Из года в год растет интерес к фототерапии при профилактике и лечении ряда заболеваний. Наиболее часто в фототерапии применяют низкоинтенсивное излучение лазеров и светодиодных ламп [3, 6]. Альтернативой является источник белого света, излучение которого модулируется с помощью светофильтров [7]. Предлагаемый нами подход основан на использовании преобразованного солнечного света (ПСС), получаемого при помощи светофильтров с включением полупроводниковых нанокристаллов или квантовых точек (КТ), преобразующих УФ-компоненту солнечного спектра в свет оранжево-красного диапазона (λmax=626 нм).

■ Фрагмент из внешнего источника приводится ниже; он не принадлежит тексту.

(* Let $T=((\Omega,\mathcal{A}),\{(\Omega,\mathcal{M}_i)\}_{i\in N},\{t_i\}_{i\in N})$ be a type space. The players' beliefs in $T$ are universally consistent if and only if for every $I\subseteq N$ (not necessarily finite) and every $I$-common certainty component $S$ there exists $P\in\bigcap_{i\in I}\Pi_i$ with $\inf\{P(E):E\in\mathcal{A},S\subseteq E\}>0$.
   Context: A field on a set $X$ is a collection of subsets of $X$ containing $X$ and closed under complements and finite intersections. For a field $\mathcal{A}$ on $\Omega$, $\mathrm{pba}(\Omega,\mathcal{A})$ is the set of finitely additive nonnegative $P:\mathcal{A}\to\mathbb{R}$ with $P(\Omega)=1$; $B(\Omega,\mathcal{A})$ the sup-norm closure of the linear span of indicators of sets in $\mathcal{A}$; bounded finitely additive set functions carry the weak* topology (weakest making $\mu\mapsto\int f\,d\mu$ continuous for all $f\in B(\Omega,\mathcal{A})$), $\overline{\,\cdot\,}^\ast$ denotes weak* closure. A type space: $N$ a nonempty set of players, fields $\mathcal{M}_i\subseteq\mathcal{A}$ on a set $\Omega$, $t_i:\Omega\times\mathcal{A}\to[0,1]$ with $t_i(\omega,\cdot)\in\mathrm{pba}(\Omega,\mathcal{A})$, $t_i(\cdot,E)\in B(\Omega,\mathcal{M}_i)$ for $E\in\mathcal{A}$, and $t_i(\omega,E)=1$ whenever $E\in\mathcal{M}_i$, $\omega\in E$. $\Pi_i=\overline{\mathrm{conv}\{t_i(\omega,\cdot):\omega\in\Omega\}}^\ast$ (equivalently the $P\in\mathrm{pba}(\Omega,\mathcal{A})$ with $P(E\cap F)=\int_F t_i(\cdot,E)\,dP$ for all $E\in\mathcal{A},F\in\mathcal{M}_i$). For $I\subseteq N$, a nonempty $S\subseteq\Omega$ is an $I$-common certainty component if there is $E\in\mathcal{A}$ with $E\subseteq S$ and $t_i(\omega,E)=1$ for all $\omega\in S$, $i\in I$. The players' beliefs are universally consistent if for every finite $I\subseteq N$ and every $I$-common certainty component $S$ there exists $P\in\bigcap_{i\in I}\Pi_i$ with $\inf\{P(E):E\in\mathcal{A},S\subseteq E\}>0$. *)

From HB Require Import structures.
From Stdlib Require List.
From mathcomp Require Import all_boot all_order all_algebra.
From mathcomp Require Import boolp classical_sets cardinality reals.
Set Implicit Arguments. Unset Strict Implicit. Unset Printing Implicit Defensive.
Import Order.TTheory GRing.Theory Num.Theory.
Local Open Scope classical_set_scope.
Local Open Scope ring_scope.

Section TypeSpaces.
Variable R : realType.

Definition is_field (X : Type) (F : set (set X)) : Prop :=
  [/\ F setT, (forall A, F A -> F (~` A)) & (forall A B, F A -> F B -> F (A `&` B))].

(* Finitely additive set functions on the field F (values outside F are irrelevant). *)
Definition fin_additive (X : Type) (F : set (set X)) (mu : set X -> R) : Prop :=
  forall A B, F A -> F B -> A `&` B = set0 -> mu (A `|` B) = mu A + mu B.

Definition ba (X : Type) (F : set (set X)) (mu : set X -> R) : Prop :=
  fin_additive F mu /\ exists c : R, forall A, F A -> `|mu A| <= c.

Definition pba (X : Type) (F : set (set X)) (P : set X -> R) : Prop :=
  [/\ fin_additive F P, (forall A, F A -> 0 <= P A) & P setT = 1].

Definition simple_over (X : Type) (F : set (set X)) (s : seq (R * set X)) : Prop :=
  forall p, List.In p s -> F p.2.

Definition simple_eval (X : Type) (s : seq (R * set X)) (x : X) : R :=
  \sum_(p <- s) p.1 * (if `[< p.2 x >] then 1 else 0).

Definition simple_integral (X : Type) (mu : set X -> R) (s : seq (R * set X)) : R :=
  \sum_(p <- s) p.1 * mu p.2.

Definition inB (X : Type) (F : set (set X)) (f : X -> R) : Prop :=
  forall e : R, 0 < e -> exists s, simple_over F s /\
    forall x, `|f x - simple_eval s x| <= e.

Definition is_integral (X : Type) (F : set (set X)) (mu : set X -> R)
  (f : X -> R) (r : R) : Prop :=
  forall e : R, 0 < e -> exists2 d : R, 0 < d &
    forall s, simple_over F s -> (forall x, `|f x - simple_eval s x| <= d) ->
      `|simple_integral mu s - r| <= e.

Definition integral (X : Type) (F : set (set X)) (mu : set X -> R) (f : X -> R) : R :=
  xget 0 [set r | is_integral F mu f r].

(* Weak* closure (in ba(X,F)) of a collection C of set functions: every basic
   weak* neighbourhood of P, given by finitely many f in B(X,F) and e > 0,
   meets C. *)
Definition weak_star_closure (X : Type) (F : set (set X))
  (C : set (set X -> R)) : set (set X -> R) :=
  [set P | ba F P /\
    forall (fs : seq (X -> R)) (e : R), (forall f, List.In f fs -> inB F f) -> 0 < e ->
      exists2 Q, C Q &
        forall f, List.In f fs -> `|integral F P f - integral F Q f| < e].

Definition conv_hull (X I : Type) (g : I -> set X -> R) : set (set X -> R) :=
  [set P | exists s : seq (R * I),
     [/\ (forall p, List.In p s -> 0 <= p.1), \sum_(p <- s) p.1 = 1 &
         P = (fun E => \sum_(p <- s) p.1 * g p.2 E)]].

Definition type_space (N Omega : Type) (A : set (set Omega))
  (M : N -> set (set Omega)) (t : N -> Omega -> set Omega -> R) : Prop :=
  [/\ is_field A,
      (forall i, is_field (M i) /\ M i `<=` A),
      (forall i w, pba A (t i w)),
      (forall i E, A E -> inB (M i) (fun w => t i w E)) &
      (forall i E w, M i E -> E w -> t i w E = 1)].

Definition Pi (N Omega : Type) (A : set (set Omega))
  (t : N -> Omega -> set Omega -> R) (i : N) : set (set Omega -> R) :=
  weak_star_closure A (conv_hull (t i)).

Definition cc_component (N Omega : Type) (A : set (set Omega))
  (t : N -> Omega -> set Omega -> R) (I : set N) (S : set Omega) : Prop :=
  S !=set0 /\ exists E, [/\ A E, E `<=` S &
    forall w i, S w -> I i -> t i w E = 1].

Definition consistent_for (N Omega : Type) (A : set (set Omega))
  (t : N -> Omega -> set Omega -> R) (I : set N) (S : set Omega) : Prop :=
  exists P, [/\ pba A P, (forall i, I i -> Pi A t i P) &
    0 < inf [set P E | E in [set E | A E /\ S `<=` E]]].

Definition universally_consistent (N Omega : Type) (A : set (set Omega))
  (t : N -> Omega -> set Omega -> R) : Prop :=
  forall I : set N, finite_set I ->
    forall S, cc_component A t I S -> consistent_for A t I S.

End TypeSpaces.

(* Only the passage from finite to arbitrary sets of players needs work.  Let
   S be an I-common certainty component witnessed by E ⊆ S and fix
   i0 ∈ I.  For i ∈ I the M_i-measurable function t_i(., E) equals 1 on S,
   hence takes only the values 0 and 1.  So every P ∈ Pi_i gives E the same
   mass as the M_i-event {t_i(., E) = 1}, which contains S, and the conditional
   P(. | E) stays in Pi_i when P(E) > 0: both facts hold on the convex hull of
   the t_i(w, .) and pass to its weak* closure.  For finite J ⊆ I
   containing i0, universal consistency yields P_J in the intersection of the
   Pi_i, i ∈ J, with P_J(E) > 0, and P_J(. | E) lies there too and gives E
   mass 1.  The pointwise limit of these charges along an ultrafilter refining
   the directed set of such J lies in every weak* closed Pi_i, i ∈ I, and
   gives mass 1 to E, hence to every event containing S. *)

From Stdlib Require List.
From mathcomp Require Import all_boot all_order all_algebra.
From mathcomp Require Import boolp classical_sets cardinality reals filter.
From mathcomp Require Import ring lra.
Set Implicit Arguments. Unset Strict Implicit. Unset Printing Implicit Defensive.
Import Order.TTheory GRing.Theory Num.Theory.
Local Open Scope classical_set_scope.
Local Open Scope ring_scope.

Lemma dist_eps_eq (R : realType) (a b K : R) : 0 <= K ->
  (forall d : R, 0 < d -> `|a - b| <= d * K) -> a = b.
Proof.
move=> K0 H; apply/eqP; rewrite -subr_eq0 -normr_le0; apply/ler_addgt0Pr => e e0.
rewrite add0r; have K1 : 0 < K + 1 by lra.
apply: le_trans (H (e / (K + 1)) _) _; first by rewrite divr_gt0.
rewrite mulrAC ler_pdivrMr //; nra.
Qed.

Lemma sumr_ge0_In (R : realType) (T : Type) (s : seq T) (G : T -> R) :
  (forall p, List.In p s -> 0 <= G p) -> 0 <= \sum_(p <- s) G p.
Proof.
elim: s => [|p s IH] H; first by rewrite big_nil.
by rewrite big_cons addr_ge0 ?H ?IH //= => [|q hq]; [left | apply: H; right].
Qed.

Lemma ler_norm_sum_In (R : realType) (T : Type) (s : seq T) (G : T -> R) q :
  List.In q s -> `|G q| <= \sum_(p <- s) `|G p|.
Proof.
elim: s => [|p s IH] //= [<-|h]; rewrite big_cons; first by rewrite lerDl sumr_ge0.
by apply: le_trans (IH h) _; rewrite lerDr.
Qed.

Section Charges.
Variables (R : realType) (X : Type) (F : set (set X)).
Hypothesis hF : is_field F.

Lemma field_setT : F setT. Proof. by case: hF. Qed.

Lemma field_setC B : F B -> F (~` B). Proof. by case: hF => _ hC _; apply: hC. Qed.

Lemma field_setI B C : F B -> F C -> F (B `&` C). Proof. by case: hF => _ _; apply. Qed.

Lemma field_setD B C : F B -> F C -> F (B `&` ~` C).
Proof. by move=> FB FC; apply/field_setI/field_setC. Qed.

Lemma field_set0 : F set0. Proof. by rewrite -setCT; apply/field_setC/field_setT. Qed.

Lemma field_setU B C : F B -> F C -> F (B `|` C).
Proof.
by move=> FB FC; rewrite -[_ `|` _]setCK setCU; apply/field_setC/field_setI; apply: field_setC.
Qed.

Variable P : set X -> R.
Hypothesis hP : pba F P.

Lemma pba_ge0 B : F B -> 0 <= P B. Proof. by case: hP => _ + _; apply. Qed.

Lemma pba_setT : P setT = 1. Proof. by case: hP. Qed.

Lemma pba_set0 : P set0 = 0.
Proof.
have [add _ _] := hP; have := add set0 set0 field_set0 field_set0 (setI0 _).
by rewrite setU0 => /eqP; rewrite -subr_eq0 opprD addrA subrr sub0r oppr_eq0 => /eqP.
Qed.

Lemma pba_setID B C : F B -> F C -> P B = P (B `&` C) + P (B `&` ~` C).
Proof.
move=> FB FC; have [add _ _] := hP.
rewrite -add; first by rewrite -setIUr setUv setIT.
- exact: field_setI.
- exact: field_setD.
- by rewrite setIACA setICr setI0.
Qed.

Lemma pba_le B C : F B -> F C -> B `<=` C -> P B <= P C.
Proof.
move=> FB FC BC; rewrite (pba_setID FC FB) (setIidr BC) lerDl.
exact/pba_ge0/field_setD.
Qed.

Lemma pba_le1 B : F B -> P B <= 1.
Proof. by move=> FB; rewrite -pba_setT; apply: pba_le => //; exact: field_setT. Qed.

Lemma pba_setC B : F B -> P (~` B) = 1 - P B.
Proof. by move=> FB; rewrite -pba_setT (pba_setID field_setT FB) !setTI addrAC subrr add0r. Qed.

Lemma pba_subset_eq0 B C : F B -> F C -> B `<=` C -> P C = 0 -> P B = 0.
Proof.
by move=> FB FC BC PC0; apply/eqP; rewrite eq_le pba_ge0 // -PC0 pba_le.
Qed.

Lemma pba_setI_eq1 B C : F B -> F C -> P C = 1 -> P (B `&` C) = P B.
Proof.
move=> FB FC PC1; rewrite [RHS](pba_setID FB FC).
rewrite (pba_subset_eq0 (B := B `&` ~` C) (C := ~` C)) ?addr0 //.
- exact: field_setD.
- exact: field_setC.
- by rewrite pba_setC // PC1 subrr.
Qed.

Lemma pba_ba : ba F P.
Proof.
have [add _ _] := hP; split => //; exists 1 => B FB.
by rewrite ger0_norm ?pba_le1 ?pba_ge0.
Qed.

End Charges.

Section SimpleFunctions.
Variables (R : realType) (X : Type).
Implicit Types (F : set (set X)) (s : seq (R * set X)) (B C : set X).

Definition indicator B (x : X) : R := if `[< B x >] then 1 else 0.

Lemma norm_indicator_le1 B x : `|indicator B x| <= 1.
Proof. by rewrite /indicator; case: asboolP; rewrite ?normr1 ?normr0. Qed.

Lemma indicatorI B C x : indicator (B `&` C) x = indicator B x * indicator C x.
Proof.
rewrite /indicator; case: (pselect (B x)) => Bx; last first.
  by rewrite (asboolF Bx) (@asboolF ((B `&` C) x)) ?mul0r // => -[].
case: (pselect (C x)) => Cx; rewrite (asboolT Bx) mul1r.
  by rewrite (asboolT Cx) (@asboolT ((B `&` C) x)).
by rewrite (asboolF Cx) (@asboolF ((B `&` C) x)) // => -[].
Qed.

Definition simple_opp s := map (fun p => (- p.1, p.2)) s.

Definition simple_restrict s C := map (fun p => (p.1, p.2 `&` C)) s.

Lemma simple_eval_nil x : simple_eval ([::] : seq (R * set X)) x = 0.
Proof. by rewrite /simple_eval big_nil. Qed.

Lemma simple_eval_cons c B s x :
  simple_eval ((c, B) :: s) x = c * indicator B x + simple_eval s x.
Proof. by rewrite /simple_eval big_cons. Qed.

Lemma simple_eval_cat s1 s2 x :
  simple_eval (s1 ++ s2) x = simple_eval s1 x + simple_eval s2 x.
Proof. by rewrite /simple_eval big_cat. Qed.

Lemma simple_eval_opp s x : simple_eval (simple_opp s) x = - simple_eval s x.
Proof. by rewrite /simple_eval big_map -sumrN; apply: eq_bigr => p _; rewrite mulNr. Qed.

Lemma simple_eval_restrict s C x :
  simple_eval (simple_restrict s C) x = simple_eval s x * indicator C x.
Proof.
rewrite /simple_eval big_map mulr_suml; apply: eq_bigr => p _.
by rewrite -/(indicator _ x) indicatorI mulrA.
Qed.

В литературе имеются лишь единичные упоминания об использовании преобразованного таким образом солнечного света для биомодуляции функций животных организмов, в частности при фотостимуляции репаративных процессов [5]. Целью данной работы было исследовать влияние оранжево-красной компоненты (λmax=626 нм) в спектре преобразованного модельного солнечного света на жизнеспособность клеток млекопитающих в условиях in vitro.
Материал и методы исследования
В качестве фотолюминофоров были взяты полупроводниковые флуоресцентные нанокристаллы CdSe/CdS (квантовые точки, КТ) размером 5-7 нм (НТИЦ «Нанотех-Дубна»). Спектры возбуждения и эмиссии КТ получали на спектрофлуориметре Cary Eclipse (Varian, США). Энергетическая освещённость световых потоков измерялась пиранометром CMP-3 (Kipp & Zonen, Нидеpланды). Облучение клеток с помощью лабораторного осветителя ЛОС-1 (Россия) с ксеноновой лампой OSRAM XBO150 (мощность 150 Вт), излучение которой в видимом диапазоне и в УФ- диапазоне спектра близко к спектру излучения Солнца, падающего на поверхность Земли (группа СС). Светопреобразующие экраны были изготовлены из пластин полиметилфенилсилоксана (ПФМС) толщиной 0,5 мм, с включением 0,1% квантовых точек CdSe/CdS, получаемый при этом световой поток называли преобразованным солнечным светом (группа ПСС). В качестве контроля использовали такие же пластины ПМФС без включения квантовых точек, которые поглощали свет, в том числе в УФ-диапазоне в той же мере, как и светопреобразующие экраны (группа CC-УФ). Расчетные данные по дозам облучения при использовании различных режимов облучения приведены в таблице 1. Нагрев среды культивирования во время проведения эксперимента не превышал 0,1ºC.
Таблица 1. Расчет экспозиционной дозы облучения при различных режимах.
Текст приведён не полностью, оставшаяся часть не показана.